携帯食料を詰め込むだけ詰め込んで、イサギは部屋を出る。
準備はすぐに整った。
バリーズドの剣、カラドボルグを腰に差し。
セルデルの杖、ミストルティンを紐で身体に括りつけるようにして。
そして鞄を左肩に背負う。
飲み物は魔術があるし、
着替えも魔術で洗濯をマメに行なえば、最小限で済む。
路銀の他に、大陸全土で価値がある魔晶をいくつか入れて。
あとは仮面や黒いローブ、それに愁から渡された手帳。そんな小物が少々。
そして、手紙。
鞄の一番奥に詰め込んで、
もう何度も読み返して、いくつもの戦いを越えてきたから、
くしゃくしゃになってしまったけれど。
いつでもイサギの背中を押してくれた、一通の手紙。
人の想いであり、愛の形。
『イサさま、
あなたさまの旅のご無事を、わたくしは心からお祈りしております。
どうぞ長旅、ご自愛下さいませ』
そう結ばれた、デュテュからの手紙。
この手紙があるからこそ、イサギはここまで来れたのだ。
道を違わずに、ひとりの人間として生きることができたのだ。
あれほどの愛にあふれていたデュテュが、
今更、人間族に戦いを挑むような真似をするはずがない。
きっと、抗えないほどのなにかが起きたのだ。
強い強い力が、そこには渦巻いているのだろう。
だから。
もし彼女になにかが起きたのなら、
そのときは絶対にイサギが助け出す。
拳を握り、イサギはそう決意をする。
眼帯の奥の左目が鼓動する。

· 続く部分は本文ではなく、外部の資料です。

(* Fix $\mathbf{x}'\in\Omega$ and suppose $\lambda\neq1$. Then $$\inf_{\mathbf{F}\in\mathbb{R}^{3\times2},\ \det(\mathbf{F}^T\mathbf{F})=1} W_{3D}\big((\mathbf{x}',0),[\mathbf{F},\mathbf{b}(\mathbf{F})]\big)>0,$$ where for $\mathbf{F}=[\mathbf{F}_1,\mathbf{F}_2]$, $\mathbf{b}(\mathbf{F})=\frac{\mathbf{F}_1\times\mathbf{F}_2}{|\mathbf{F}_1\times\mathbf{F}_2|^2}$ and $[\mathbf{F},\mathbf{b}(\mathbf{F})]\in\mathbb{R}^{3\times3}$ has columns $\mathbf{F}_1,\mathbf{F}_2,\mathbf{b}(\mathbf{F})$.
   Context: Let $\Omega\subset\mathbb{R}^2$ be a bounded Lipschitz domain. At the point $\mathbf{x}'$ we are given scalars $s,s_0$ with $-1<s,s_0<\infty$ and a unit vector $\mathbf{m}\in\mathbb{S}^1\subset\mathbb{R}^2$, identified with $(\mathbf{m},0)^T\in\mathbb{R}^3$ when needed; $\lambda=\big(\tfrac{s+1}{s_0+1}\big)^{1/3}$. For $\mathbf{G}\in\mathbb{R}^{3\times3}$ with $\mathbf{G}\mathbf{m}\neq0$, set $\mathbf{n}=\mathbf{G}\mathbf{m}/|\mathbf{G}\mathbf{m}|$, $\mathbf{L}_{\mathbf{m}}=(s_0+1)^{-1/3}(\mathrm{Id}_3+s_0\,\mathbf{m}\otimes\mathbf{m})$, $\mathbf{L}_{\mathbf{n}}=(s+1)^{-1/3}(\mathrm{Id}_3+s\,\mathbf{n}\otimes\mathbf{n})$, and $$W_{3D}\big((\mathbf{x}',0),\mathbf{G}\big)=\operatorname{tr}\big(\mathbf{G}^T\mathbf{L}_{\mathbf{n}}^{-1}\mathbf{G}\mathbf{L}_{\mathbf{m}}\big)-3 .$$ *)

From HB Require Import structures.
From mathcomp Require Import all_boot all_order all_algebra.
From mathcomp Require Import all_classical all_reals all_analysis.
Set Implicit Arguments. Unset Strict Implicit. Unset Printing Implicit Defensive.
Import Order.TTheory GRing.Theory Num.Theory.
Local Open Scope ring_scope.

Section Defs.
Variable R : realType.

Definition vnorm3 (v : 'cV[R]_3) : R := Num.sqrt (\sum_(i < 3) v i 0 ^+ 2).

Definition cross3 (u v : 'cV[R]_3) : 'cV[R]_3 :=
  \col_(i < 3)
    (if (i == 0 :> nat) then u 1 0 * v 2 0 - u 2 0 * v 1 0
     else if (i == 1 :> nat) then u 2 0 * v 0 0 - u 0 0 * v 2 0
     else u 0 0 * v 1 0 - u 1 0 * v 0 0).

Definition embed3 (m : 'cV[R]_2) : 'cV[R]_3 :=
  \col_(i < 3) (if (i < 2)%N then m (inord i) 0 else 0).

Definition bvec (F : 'M[R]_(3,2)) : 'cV[R]_3 :=
  let c := cross3 (col 0 F) (col 1 F) in (vnorm3 c ^+ 2)^-1 *: c.

Definition augment (F : 'M[R]_(3,2)) : 'M[R]_3 :=
  \matrix_(i < 3, j < 3)
    (if (j == 0 :> nat) then F i 0 else if (j == 1 :> nat) then F i 1
     else bvec F i 0).

Definition Lmat (s : R) (v : 'cV[R]_3) : 'M[R]_3 :=
  ((s + 1) `^ (- (1 / 3))) *: (1%:M + s *: (v *m v^T)).

(* W_3D((x',0),G) with s = s(x'), s0 = s0(x'), m = m(x') *)
Definition W3D (s s0 : R) (m : 'cV[R]_2) (G : 'M[R]_3) : R :=
  let Gm := G *m embed3 m in
  let n := (vnorm3 Gm)^-1 *: Gm in
  \tr (G^T *m invmx (Lmat s n) *m G *m Lmat s0 (embed3 m)) - 3.
Lemma filters_orthogonal r n :
  Cadd (Cmul (beta (2 * M) r n) (Cconj (beta (2 * M) r (n + Z.of_nat M))))
       (Cmul (alpha (2 * M) r n) (Cconj (alpha (2 * M) r (n + Z.of_nat M)))) = C0.
Proof.
  unfold beta, alpha. rewrite Uf_shift.
  destruct (cosN_sinN_shift r n) as [Hc Hs]. rewrite Hc, Hs.
  set (a := cosN (2 * M) n ^ (2 * r) / sqrt (Uf (2 * M) r n)).
  set (b := sinN (2 * M) n ^ (2 * r) / sqrt (Uf (2 * M) r n)).
  transitivity (Cmul (RtoC (a * b))
    (Cadd (RtoC 1) (Cmul (wpow (2 * M) n) (Cconj (wpow (2 * M) (n + Z.of_nat M)))))).
  { Csolve. }
  rewrite wpow_conj, <- wpow_add.
  replace (n + - (n + Z.of_nat M))%Z with (- (Z.of_nat 1 * Z.of_nat M))%Z by lia.
  rewrite wpow_half by lia. Csolve.
Qed.

End EvenLength.

Theorem proposition4p2 (N J r : nat) (HN : N = (2 ^ J)%nat) (HJ : (1 <= J)%nat)
  (Hr : (1 <= r)%nat)
  (x h psi0 psi1 phi0 phi1 : Z -> R)
  (Hx : periodic N x) (Hhp : periodic N h)
  (Hh : forall n : Z, (0 <= n < Z.of_nat N)%Z ->
        dft N h n = Cmul (hilb_mult N n) (dft N x n))
  (Hpsi0p : periodic N psi0) (Hpsi1p : periodic N psi1)
  (Hphi0p : periodic N phi0) (Hphi1p : periodic N phi1)
  (Hpsi0 : forall n : Z, (0 <= n < Z.of_nat N)%Z -> dft N psi0 n = beta N r n)
  (Hpsi1 : forall n : Z, (0 <= n < Z.of_nat N)%Z -> dft N psi1 n = alpha N r n)
  (Hphi0 : forall n : Z, (0 <= n < Z.of_nat N)%Z ->
           dft N phi0 n = compl_hat N (beta N r) n)
  (Hphi1 : forall n : Z, (0 <= n < Z.of_nat N)%Z ->
           dft N phi1 n = compl_hat N (alpha N r) n)
  (s : bool) (n : Z) (Hn : (0 <= n < Z.of_nat N / 2)%Z) :
  let y0 := coef N x psi0 in
  let y1 := coef N x psi1 in
  let c0 := coef N x phi0 in
  let c1 := coef N x phi1 in
  let Z0 := dft1 N (zpm s y0 c0) n in
  let Z1 := dft1 N (zpm s y1 c1) n in
  let xa := dft N x n in
  let xb := dft N x (n + Z.of_nat N / 2)%Z in
  let ha := dft N h n in
  let hb := dft N h (n + Z.of_nat N / 2)%Z in
  (* (i) *)
  (Z0 = Cmul (RtoC (/ 2)) (Cadd (Cmul (Cconj (Mtq N r s n 0 0)) xa)
                                (Cmul (Cconj (Mtq N r s n 0 1)) xb)) /\
   Z1 = Cmul (RtoC (/ 2)) (Cadd (Cmul (Cconj (Mtq N r s n 1 0)) xa)
                                (Cmul (Cconj (Mtq N r s n 1 1)) xb))) /\
  (* (ii) *)
  (Cadd (Cmul (Mq N r s n 0 0) Z0) (Cmul (Mq N r s n 0 1) Z1) =
     Cmul (RtoC 2) (Cadd xa (Cmul (RtoC (sg s)) (Cmul Ci ha))) /\
   Cadd (Cmul (Mq N r s n 1 0) Z0) (Cmul (Mq N r s n 1 1) Z1) =
     Cmul (RtoC 2) (Cadd xb (Cmul (RtoC (sg s)) (Cmul Ci hb)))).
Proof.
  cbv zeta.
  destruct J as [|J]; [lia|].
  set (M := (2 ^ J)%nat) in HN.
  assert (HM : (0 < M)%nat) by (apply Nat.neq_0_lt_0, Nat.pow_nonzero; lia).
  replace N with (2 * M)%nat in * by (rewrite HN; reflexivity). clearbody M. clear HN.
  rewrite half_length in Hn |- * by exact HM.
  rewrite (quadrature_analysis M HM s x psi0 phi0 (beta (2 * M) r)),
          (quadrature_analysis M HM s x psi1 phi1 (alpha (2 * M) r)) by assumption.
  unfold Mq, Mtq, Mt, Mtc, modmat; cbv beta iota.
  rewrite half_length, !quadrature_entry by exact HM.
  split; [split; reflexivity|].
  (* (ii): synthesis after analysis scales each frequency by |quad_factor|^2 *)
  rewrite (Hh n), (Hh (n + Z.of_nat M)%Z) by lia.
  pose proof (two_band_reconstruction (beta (2 * M) r n) (beta (2 * M) r (n + Z.of_nat M))
    (alpha (2 * M) r n) (alpha (2 * M) r (n + Z.of_nat M))
    (quad_factor (2 * M) s n) (quad_factor (2 * M) s (n + Z.of_nat M))
    (dft (2 * M) x n) (dft (2 * M) x (n + Z.of_nat M))
    (filters_power_complementary _ _ _) (filters_power_complementary _ _ _)
    (filters_orthogonal M HM r n)) as Hrec.
  cbv zeta in Hrec. destruct Hrec as [Hrec0 Hrec1].
  rewrite Hrec0, Hrec1, !quad_factor_norm. split; Csolve.
Qed.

意識が澄んでゆくようだった。
廊下を歩くイサギに、少女の声。
「スーパーお兄、いきますよぉー」
こちらに手を振るのは、双子のひとり、ローラだ。
飛翔術に長けた彼女が、イサギを誰よりも早くワイバーンゲートまで送り届けてくれるのだ。
「ああ。頼む」
イサギは歩き出す。
今度の旅は、ひとりではない。
前よりもずっと多くの人の未来を背負った旅だ。
暗黒大陸を出たときに、イサギの鞄には愛があった。
それはデュテュが与えてくれたものだ。
デュテュがこのスラオシャ大陸に降り立ったのなら。
剣と火ではなく、愛を持って迎えよう。
それこそがきっと、
この世界のために、もっとも必要なことだと思うのだから。